Minister of state for digital and culture Matt Hancock said the government wanted to ensure “a fair market in which all providers can compete for business”.

The comments were made during a speech at the Broadband World Forum where Hancock reiterated the government’s stance that BT’s infrastructure arm Openreach could still be broken out from the group, adding nothing will stand in the way of the UK getting fast fibre-based connectivity.

Read more: These are the most complained about broadband, phone and pay TV firms

BT chief executive Gavin Patterson hit back during the conference, saying the fibre network investment case would not add up if BT was forced to spin off its Openreach.

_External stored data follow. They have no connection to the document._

Lemma pigeonhole_frac (g : nat -> R) (B : nat) : (1 <= B)%nat ->
  exists i j, (i < j <= B)%nat /\
    Rabs (g j - g i - IZR (Int_part (g j) - Int_part (g i))) < / INR B.
Proof.
  intros HB.
  set (fr := fun k : nat => g k - IZR (Int_part (g k))).
  assert (Hfr : forall k, 0 <= fr k < 1).
  { intros k. unfold fr. destruct (Int_part_bounds (g k)). lra. }
  assert (HB' : 1 <= INR B) by (apply (le_INR 1); lia).
  set (box := fun k => Int_part (INR B * fr k)).
  assert (Hbox : forall k, (0 <= box k < Z.of_nat B)%Z).
  { intros k. destruct (Hfr k). destruct (Int_part_bounds (INR B * fr k)).
    assert (0 <= INR B * fr k < INR B) by nra.
    unfold box. split.
    - apply Z.lt_succ_r, lt_IZR. rewrite succ_IZR. lra.
    - apply lt_IZR. rewrite <- INR_IZR_INZ. lra. }
  destruct (pigeonhole_list (seq 0 B) (fun k => Z.to_nat (box k))) as [i [j [Hij E]]].
  - intros k _. apply in_seq. specialize (Hbox k). lia.
  - rewrite length_seq in Hij. exists i, j. split; [lia|].
    assert (E' : box j = box i) by (pose proof (Hbox i); pose proof (Hbox j); lia).
    apply Int_part_eq_close in E'.
    rewrite minus_IZR.
    replace (g j - g i - (IZR (Int_part (g j)) - IZR (Int_part (g i)))) with (fr j - fr i)
      by (unfold fr; ring).
    replace (INR B * fr j - INR B * fr i) with (INR B * (fr j - fr i)) in E' by ring.
    rewrite Rabs_mult, (Rabs_right (INR B)) in E' by lra.
    apply (Rmult_lt_reg_l (INR B)); [lra|]. rewrite Rinv_r by lra. exact E'.
Qed.

Lemma dirichlet (a : R) (Q : nat) : (1 <= Q)%nat ->
  exists q : nat, (1 <= q <= Q)%nat /\ exists p : Z, Rabs (INR q * a - IZR p) < / INR Q.
Proof.
  intros HQ. destruct (pigeonhole_frac (fun k => INR k * a) Q HQ) as [i [j [Hij H]]].
  exists (j - i)%nat. split; [lia|].
  exists (Int_part (INR j * a) - Int_part (INR i * a))%Z.
  rewrite minus_INR by lia. replace ((INR j - INR i) * a) with (INR j * a - INR i * a) by ring.
  exact H.
Qed.

Definition irrational (a : R) : Prop :=
  forall k : nat, (1 <= k)%nat -> forall m : Z, INR k * a <> IZR m.

Lemma irrational_dist_lower_bound a : irrational a ->
  forall N, exists d, 0 < d /\
    forall k, (1 <= k <= N)%nat -> forall m, d <= Rabs (INR k * a - IZR m).
Proof.
  intros Ha N. induction N as [|N [d [Hd H]]].
  - exists 1. split; [lra|]. intros; lia.
  - assert (Hp : 0 < dist_int (INR (S N) * a)).
    { apply dist_int_pos. intros k. apply Ha. lia. }
    exists (Rmin d (dist_int (INR (S N) * a))). split; [apply Rmin_glb_lt; lra|].
    intros k Hk m. destruct (Nat.eq_dec k (S N)) as [->|Hne].
    + eapply Rle_trans; [apply Rmin_r|]. apply dist_int_le.
    + eapply Rle_trans; [apply Rmin_l|]. apply H. lia.
Qed.

(* The least denominator in Dirichlet's theorem is coprime to its numerator,
   since dividing both by their gcd would give a smaller one. *)
Lemma dirichlet_coprime (a : R) (Q : nat) : (1 <= Q)%nat ->
  exists (q : nat) (p : Z), (1 <= q <= Q)%nat /\
    Rabs (INR q * a - IZR p) < / INR Q /\ Z.gcd p (Z.of_nat q) = 1%Z.
Proof.
  intros HQ.
  set (P := fun q => (1 <= q <= Q)%nat /\ exists p : Z, Rabs (INR q * a - IZR p) < / INR Q).
  destruct (dec_inh_nat_subset_has_unique_least_element P (fun n => classic (P n))
              (dirichlet a Q HQ))
    as [q [[[Hq [p Hp]] Hleast] _]].
  exists q, p. split; [exact Hq|]. split; [exact Hp|].
  set (qZ := Z.of_nat q) in *.
  pose proof (Z.gcd_nonneg p qZ) as Hg0.
  destruct (Z.gcd_divide_r p qZ) as [c Hc]. destruct (Z.gcd_divide_l p qZ) as [e He].
  set (g := Z.gcd p qZ) in *.
  assert (g <> 0)%Z by (intro E; rewrite E in Hc; lia).
  destruct (Z.eq_dec g 1) as [|Hne]; auto. exfalso.
  assert (Hc1 : (1 <= c)%Z) by nia.
  assert (Hcq : (c < qZ)%Z) by nia.
  enough (HP : P (Z.to_nat c)) by (specialize (Hleast _ HP); lia).
  split; [lia|]. exists e.
  assert (E : INR q * a - IZR p = IZR g * (INR (Z.to_nat c) * a - IZR e)).
  { rewrite INR_Z_to_nat, INR_IZR_INZ by lia. fold qZ. rewrite Hc, He, !mult_IZR. ring. }
  rewrite E, Rabs_mult in Hp.
  assert (1 < IZR g) by (apply IZR_lt; lia).
  rewrite Rabs_right in Hp by lra.
  pose proof (Rabs_pos (INR (Z.to_nat c) * a - IZR e)). nra.
Qed.

(* Choose [0 <= r < q] with [r p = j (mod q)], where [j] is the integer nearest to
   [q (b - (N+1) a)]; then [n = N + 1 + r] satisfies
   [q (n a - b - m) = r (q a - p) + (j - q (b - (N+1) a))]. *)
Lemma shifted_approximation (a b : R) (q : nat) (p : Z) (N : nat) :
  (1 <= q)%nat -> Z.gcd p (Z.of_nat q) = 1%Z -> INR q * Rabs (INR q * a - IZR p) <= 1 ->
  exists n : nat, (N < n <= N + q)%nat /\
    exists m : Z, Rabs (INR n * a - b - IZR m) <= 3 / (2 * INR q).
Proof.
  intros Hq Hg Happrox.
  set (qZ := Z.of_nat q) in *.
  assert (Hb : Bezout p qZ 1) by (apply Zis_gcd_bezout; rewrite <- Hg; apply Zgcd_is_gcd).
  destruct Hb as [u v Huv].
  set (b1 := b - INR (S N) * a).
  set (j := Int_part (INR q * b1 + / 2)).
  assert (Hj : Rabs (IZR j - INR q * b1) <= / 2).
  { destruct (Int_part_bounds (INR q * b1 + / 2)). fold j in H, H0. apply Rabs_le; lra. }
  set (D := (j * u / qZ)%Z).
  set (r := ((j * u) mod qZ)%Z).
  assert (Hr : r = (j * u - qZ * D)%Z) by (apply Z.mod_eq; lia).
  assert (Hrb : (0 <= r < qZ)%Z) by (apply Z.mod_pos_bound; lia).
  set (M := (- (j * v) - D * p)%Z).
  assert (HM : IZR r * IZR p = IZR j + IZR qZ * IZR M).
  { rewrite <- !mult_IZR, <- plus_IZR. f_equal. rewrite Hr. unfold M.
    replace ((j * u - qZ * D) * p)%Z with (j * (u * p + v * qZ) - j * v * qZ - qZ * D * p)%Z
      by ring.
    rewrite Huv. ring. }
  exists (Z.to_nat r + S N)%nat. split; [lia|]. exists M.
  assert (Hn' : INR (Z.to_nat r) = IZR r) by (apply INR_Z_to_nat; lia).
  assert (HqR : INR q = IZR qZ) by apply INR_IZR_INZ.
  assert (HqposR : 0 < INR q) by (apply lt_0_INR; lia).
  assert (E : INR (Z.to_nat r + S N) * a - b - IZR M
              = (INR (Z.to_nat r) * (INR q * a - IZR p) + (IZR j - INR q * b1)) / INR q).
  { rewrite plus_INR. unfold b1. field_simplify_eq; [|lra]. rewrite Hn', HqR, HM. ring. }
  rewrite E. unfold Rdiv.
  rewrite Rabs_mult, (Rabs_right (/ INR q)) by (apply Rle_ge, Rlt_le, Rinv_0_lt_compat; lra).
  assert (Hrq : INR (Z.to_nat r) <= INR q) by (rewrite Hn', HqR; apply IZR_le; lia).
  assert (Hnum : Rabs (INR (Z.to_nat r) * (INR q * a - IZR p) + (IZR j - INR q * b1)) <= 3 / 2).
  { eapply Rle_trans; [apply Rabs_triang|].
    rewrite Rabs_mult, (Rabs_right (INR (Z.to_nat r))) by (apply Rle_ge, pos_INR).
    pose proof (pos_INR (Z.to_nat r)). pose proof (Rabs_pos (INR q * a - IZR p)). nra. }
  replace (3 * / (2 * INR q)) with (3 / 2 * / INR q) by (field; lra).
  apply Rmult_le_compat_r; [apply Rlt_le, Rinv_0_lt_compat; lra | exact Hnum].
Qed.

Patterson also warned breaking up the group would require a long, difficult, and costly separation of the group’s pension liabilities, which, according to analysts at UBS, have ballooned to more than £14bn, up from £10bn in a little over a year.

Hancock’s comments, as well as the UBS analyst note, sent BT shares down by more than one per cent today.

Communications regulator Ofcom is currently considering responses to a public consultation on BT’s control of Openreach that closed earlier this month after it suggested so-called legal separation of the division, leaving it under the BT Group umbrella but assigning it a separate governing board.

Read more: TalkTalk boss says Ofcom's plans for BT and Openreach are not enough

BT’s rivals have rallied against the recommendation, claiming they will continue to suffer mistreatment by Openreach.

The likes of Sky, TalkTalk, and Vodafone rely on Openreach to connect broadband customers, though there are plans to open up its ducts and poles across the country, allowing competitors direct access.

TalkTalk boss Dido Harding, one of Openreach’s fiercest critics, said: “The new minister is spot on: the UK needs a pure fibre future and only a competitive market will deliver this.”